In the data below, the answer is the run of lines from the line containing "rewrite ln_vonMises_sigma0 by lra." through the line containing "transitivity (A * exp ((n", both included; print it exactly and nothing else.

TASK DATA.
______
Lemma divergence_rectangle (F F1 G G2 : R -> R -> R) a b c d :
  a < b -> c < d -> is_dr_on a b c d F F1 -> is_dz_on a b c d G G2 ->
  (forall z, c <= z <= d -> F a z = 0 /\ F b z = 0) ->
  is_RInt (fun r => RInt (fun z => F1 r z + G2 r z) c d) a b
    (RInt (fun r => G r d - G r c) a b).
Proof.
intros Hab Hcd HF HG HF0.
assert (Hsplit : forall r, a <= r <= b ->
  RInt (fun z => F1 r z + G2 r z) c d = RInt (fun z => F1 r z) c d + (G r d - G r c)).
{ intros r Hr.
  rewrite (RInt_plus (fun z => F1 r z) (fun z => G2 r z)).
  - apply Rplus_eq_compat_l, is_RInt_unique. eapply is_RInt_dz; eauto; lra.
  - apply ex_RInt_slice; [lra|]. intros. now apply HF.
  - eexists. eapply is_RInt_dz; eauto; lra. }
apply (is_RInt_ext (fun r => RInt (fun z => F1 r z) c d + (G r d - G r c))).
{ rewrite Rmin_left, Rmax_right by lra. intros r Hr. symmetry. apply Hsplit. lra. }
replace (RInt (fun r => G r d - G r c) a b) with
  ((RInt (fun z => F b z) c d - RInt (fun z => F a z) c d)
   + RInt (fun r => G r d - G r c) a b).
2: { rewrite !(RInt_zero_on (fun z => F _ z)) by (lra || intros; now apply HF0). ring. }
apply (is_RInt_plus (V := R_NormedModule)).
- now apply is_RInt_RInt_dr.
- apply (RInt_correct (V := R_CompleteNormedModule)).
  apply ex_RInt_continuous_on; [lra|]. intros r Hr.
  apply (continuous_minus (fun r => G r d) (fun r => G r c));
    apply continuity_2d_pt_fst, HG; lra.
Qed.

Lemma RInt_if_lt (f g : R -> R) a b c : a <= b <= c ->
  ex_RInt f a b -> ex_RInt g b c ->
  RInt (fun z => if Rlt_dec z b then f z else g z) a c = RInt f a b + RInt g b c.
Proof.
intros Habc If Ig.
assert (Ef : forall z, a < z < b -> f z = (if Rlt_dec z b then f z else g z)).
{ intros z Hz. destruct Rlt_dec; [reflexivity | lra]. }
assert (Eg : forall z, b < z < c -> g z = (if Rlt_dec z b then f z else g z)).
{ intros z Hz. destruct Rlt_dec; [lra | reflexivity]. }
rewrite <- (RInt_Chasles _ a b c).
- apply (f_equal2 Rplus); apply RInt_ext; rewrite Rmin_left, Rmax_right by lra;
    intros z Hz; symmetry.
  + now apply Ef.
  + now apply Eg.
- eapply ex_RInt_ext; [|exact If]. rewrite Rmin_left, Rmax_right by lra. exact Ef.
- eapply ex_RInt_ext; [|exact Ig]. rewrite Rmin_left, Rmax_right by lra. exact Eg.
Qed.

Ltac continuity_2d :=
  repeat match goal with
  | |- continuity_2d_pt (fun u v => _ + _) _ _ => apply continuity_2d_pt_plus
  | |- continuity_2d_pt (fun u v => _ - _) _ _ => apply continuity_2d_pt_minus
  | |- continuity_2d_pt (fun u v => _ * _) _ _ => apply continuity_2d_pt_mult
  | |- continuity_2d_pt (fun u v => - _) _ _ => apply continuity_2d_pt_opp
  | |- continuity_2d_pt (fun u v => u) _ _ => apply continuity_2d_pt_id1
  | |- continuity_2d_pt (fun u v => ?c) _ _ => apply continuity_2d_pt_const
  | |- continuity_2d_pt _ _ _ => assumption
  end.

Lemma C1_on_pt a b c d f r z : C1_on a b c d f -> a <= r <= b -> c <= z <= d ->
  is_derive (fun x => f x z) r (dr f r z) /\ is_derive (fun y => f r y) z (dz f r z) /\
  continuity_2d_pt f r z /\ continuity_2d_pt (dr f) r z /\ continuity_2d_pt (dz f) r z.
Proof.
intros Hf Hr Hz. destruct (Hf r z Hr Hz) as (Cf & Dr & Dz & Cdr & Cdz).
repeat split; try apply Derive_correct; assumption.
Qed.

Lemma C1_on_is_dr_scal a b c d k f : C1_on a b c d f ->
  is_dr_on a b c d (fun x z => k * f x z) (fun x z => k * dr f x z).
Proof.
intros Hf r z Hr Hz. destruct (C1_on_pt a b c d f r z Hf Hr Hz) as (Dr & _ & Cf & Cdr & _).
split; [apply (is_derive_scal (fun x => f x z)), Dr | split; continuity_2d].
Qed.

Lemma C1_on_is_dz_scal a b c d k f : C1_on a b c d f ->
  is_dz_on a b c d (fun x z => k * f x z) (fun x z => k * dz f x z).
Proof.
intros Hf r z Hr Hz. destruct (C1_on_pt a b c d f r z Hf Hr Hz) as (_ & Dz & Cf & _ & Cdz).
split; [apply (is_derive_scal (fun y => f r y)), Dz | split; continuity_2d].
Qed.

(** * Norton's law at the homogeneous solution *)

Definition vonMises_sq (v : vec4) : R :=
  3 / 2 * ((v 0%nat - dev_mean v) ^ 2 + (v 1%nat - dev_mean v) ^ 2
           + (v 2%nat - dev_mean v) ^ 2 + 2 * (v 3%nat) ^ 2).

(* [edot n v i = eng_dev v i * Rpower (vonMises v) (n - 1)] for [i < 4]. *)
Definition eng_dev (v : vec4) (i : nat) : R :=
  match i with
  | 0%nat | 1%nat | 2%nat => v i - dev_mean v
  | _ => 2 * v 3%nat
  end.

Definition eng_dev_jacobian (i j : nat) : R :=
  match i, j with
  | 3%nat, 3%nat => 2
  | 3%nat, _ | _, 3%nat => 0
  | _, _ => (if Nat.eqb i j then 1 else 0) - 1 / 3
  end.

Lemma Derive_edot n (v : vec4) i j : (i < 4)%nat -> (j < 4)%nat -> 0 < vonMises_sq v ->
  Derive (fun t => edot n (upd v j t) i) (v j) =
  eng_dev_jacobian i j * Rpower (vonMises v) (n - 1)
  + (n - 1) * Rpower (vonMises v) (n - 1) / vonMises_sq v * (3 / 2)
    * eng_dev v i * eng_dev v j.
Proof.
intros Hi Hj HQ.
assert (HS : 0 < sqrt (vonMises_sq v)) by (apply sqrt_lt_R0; auto).
assert (HS2 : sqrt (vonMises_sq v) * sqrt (vonMises_sq v) = vonMises_sq v)
  by (apply sqrt_sqrt; lra).
unfold vonMises_sq, dev_mean in *. apply is_derive_unique.
destruct i as [|[|[|[|i]]]]; try lia; destruct j as [|[|[|[|j]]]]; try lia;
unfold edot, upd, vonMises, eng_dev, eng_dev_jacobian, Rpower, dev_mean in *; simpl in *;
auto_derive; unfold Rminus, Rdiv in *;
first [ (repeat split; auto; fail)
| (set (S := sqrt _) in *; set (E := exp _) in *; try rewrite <- HS2; field; lra) ].
Qed.

Lemma Derive_edot_sym n (v : vec4) i j : (i < 4)%nat -> (j < 4)%nat -> 0 < vonMises_sq v ->
  Derive (fun t => edot n (upd v j t) i) (v j) = Derive (fun t => edot n (upd v i t) j) (v i).
Proof.
intros Hi Hj HQ. rewrite !Derive_edot by assumption.
replace (eng_dev_jacobian j i) with (eng_dev_jacobian i j); [ring|].
destruct i as [|[|[|[|i]]]]; try lia; destruct j as [|[|[|[|j]]]]; try lia; reflexivity.
Qed.

Definition sigma0_dev (ri ro n p r : R) : R := a_r ri ro n p * Rpower r (- 2 / n) / n.

Section Homogeneous.
Variables ri ro n p : R.
Hypotheses (Hri : 0 < ri) (Hro : ri < ro) (Hn : 0 < n) (Hp : 0 < p).

Lemma a_r_neg : a_r ri ro n p < 0.
Proof.
assert (Hlt : Rpower ri (2 / n) < Rpower ro (2 / n)).
{ apply Rlt_Rpower_l; [apply Rdiv_lt_0_compat|]; lra. }
assert (0 < Rpower ri (2 / n)) by apply exp_pos.
unfold a_r, Rdiv. rewrite !Ropp_mult_distr_l_reverse.
apply Ropp_lt_gt_0_contravar. repeat apply Rmult_lt_0_compat; try apply exp_pos; auto.
apply Rinv_0_lt_compat. lra.
Qed.

Lemma sigma0_dev_neg r : sigma0_dev ri ro n p r < 0.
Proof.
unfold sigma0_dev, Rdiv. pose proof a_r_neg.
assert (0 < - a_r ri ro n p * Rpower r (-2 / n) * / n).
{ repeat apply Rmult_lt_0_compat; [lra | apply exp_pos | apply Rinv_0_lt_compat; lra]. }
lra.
Qed.

Lemma sigma0_dev_r r :
  sigma0 ri ro n p r 0%nat - dev_mean (sigma0 ri ro n p r) = sigma0_dev ri ro n p r.
Proof. unfold dev_mean, sigma0, a_theta, a_z, sigma0_dev. field. lra. Qed.

Lemma sigma0_dev_theta r :
  sigma0 ri ro n p r 1%nat - dev_mean (sigma0 ri ro n p r) = - sigma0_dev ri ro n p r.
Proof. unfold dev_mean, sigma0, a_theta, a_z, sigma0_dev. field. lra. Qed.

Lemma sigma0_dev_z r : sigma0 ri ro n p r 2%nat - dev_mean (sigma0 ri ro n p r) = 0.
Proof. unfold dev_mean, sigma0, a_theta, a_z. field. lra. Qed.

Lemma vonMises_sq_sigma0 r :
  vonMises_sq (sigma0 ri ro n p r) = 3 * sigma0_dev ri ro n p r ^ 2.
Proof.
unfold vonMises_sq. rewrite sigma0_dev_r, sigma0_dev_theta, sigma0_dev_z. simpl. field.
Qed.

Lemma vonMises_sq_sigma0_pos r : 0 < vonMises_sq (sigma0 ri ro n p r).
Proof. rewrite vonMises_sq_sigma0. pose proof (sigma0_dev_neg r). nra. Qed.

Lemma ln_vonMises_sigma0 r : 0 < r ->
  ln (vonMises (sigma0 ri ro n p r)) =
  ln 3 / 2 + ln (- a_r ri ro n p) + - 2 / n * ln r - ln n.
Proof.
intros Hr. pose proof (sigma0_dev_neg r). pose proof a_r_neg.
unfold vonMises. fold (vonMises_sq (sigma0 ri ro n p r)).
rewrite vonMises_sq_sigma0, sqrt_mult, <- Rsqr_pow2, sqrt_Rsqr_abs, Rabs_left by nra.
rewrite <- (Rpower_sqrt 3) by lra. unfold sigma0_dev, Rdiv.
rewrite !Ropp_mult_distr_l, !ln_mult, ln_Rinv, !ln_Rpower.
- field. lra.
all: repeat first [apply Rmult_lt_0_compat | apply Rinv_0_lt_compat | apply exp_pos | lra].
Qed.

Lemma edot_sigma0_r r : 0 < r ->
  edot n (sigma0 ri ro n p r) 0%nat = c_const ri ro n p / r ^ 2.
Proof.
intros Hr. pose proof a_r_neg. set (A := a_r ri ro n p) in *.
unfold edot. rewrite sigma0_dev_r. unfold Rpower at 1.
rewrite ln_vonMises_sigma0 by lra.
unfold sigma0_dev, c_const, Rpower. fold A. rewrite Rabs_left by lra.
transitivity (A * exp (-2 / n * ln r + - ln n
                       + (n - 1) * (ln 3 / 2 + ln (- A) + -2 / n * ln r - ln n))).
{ rewrite !exp_plus, exp_Ropp, exp_ln by lra. unfold Rdiv. ring. }
transitivity (A * exp ((n - 1) / 2 * ln 3 + (n - 1) * ln (- A) + - n * ln n
                       + - (INR 2 * ln r))).
{ f_equal. f_equal. simpl. field. lra. }
rewrite !exp_plus, exp_Ropp, <- ln_pow, exp_ln by (try apply pow_lt; lra).
unfold Rdiv. ring.
Qed.

Lemma sum4_edot_sigma0 r (w : vec4) : 0 < r ->
  sum4 (fun i => edot n (sigma0 ri ro n p r) i * w i) =
  c_const ri ro n p / r ^ 2 * (w 0%nat - w 1%nat).
Proof.
intros Hr. rewrite <- edot_sigma0_r by exact Hr. unfold sum4, edot.
rewrite sigma0_dev_r, sigma0_dev_theta, sigma0_dev_z.
change (sigma0 ri ro n p r 3%nat) with 0. ring.
Qed.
______
ANSWER.
rewrite ln_vonMises_sigma0 by lra.
unfold sigma0_dev, c_const, Rpower. fold A. rewrite Rabs_left by lra.
transitivity (A * exp (-2 / n * ln r + - ln n
                       + (n - 1) * (ln 3 / 2 + ln (- A) + -2 / n * ln r - ln n))).
{ rewrite !exp_plus, exp_Ropp, exp_ln by lra. unfold Rdiv. ring. }
transitivity (A * exp ((n - 1) / 2 * ln 3 + (n - 1) * ln (- A) + - n * ln n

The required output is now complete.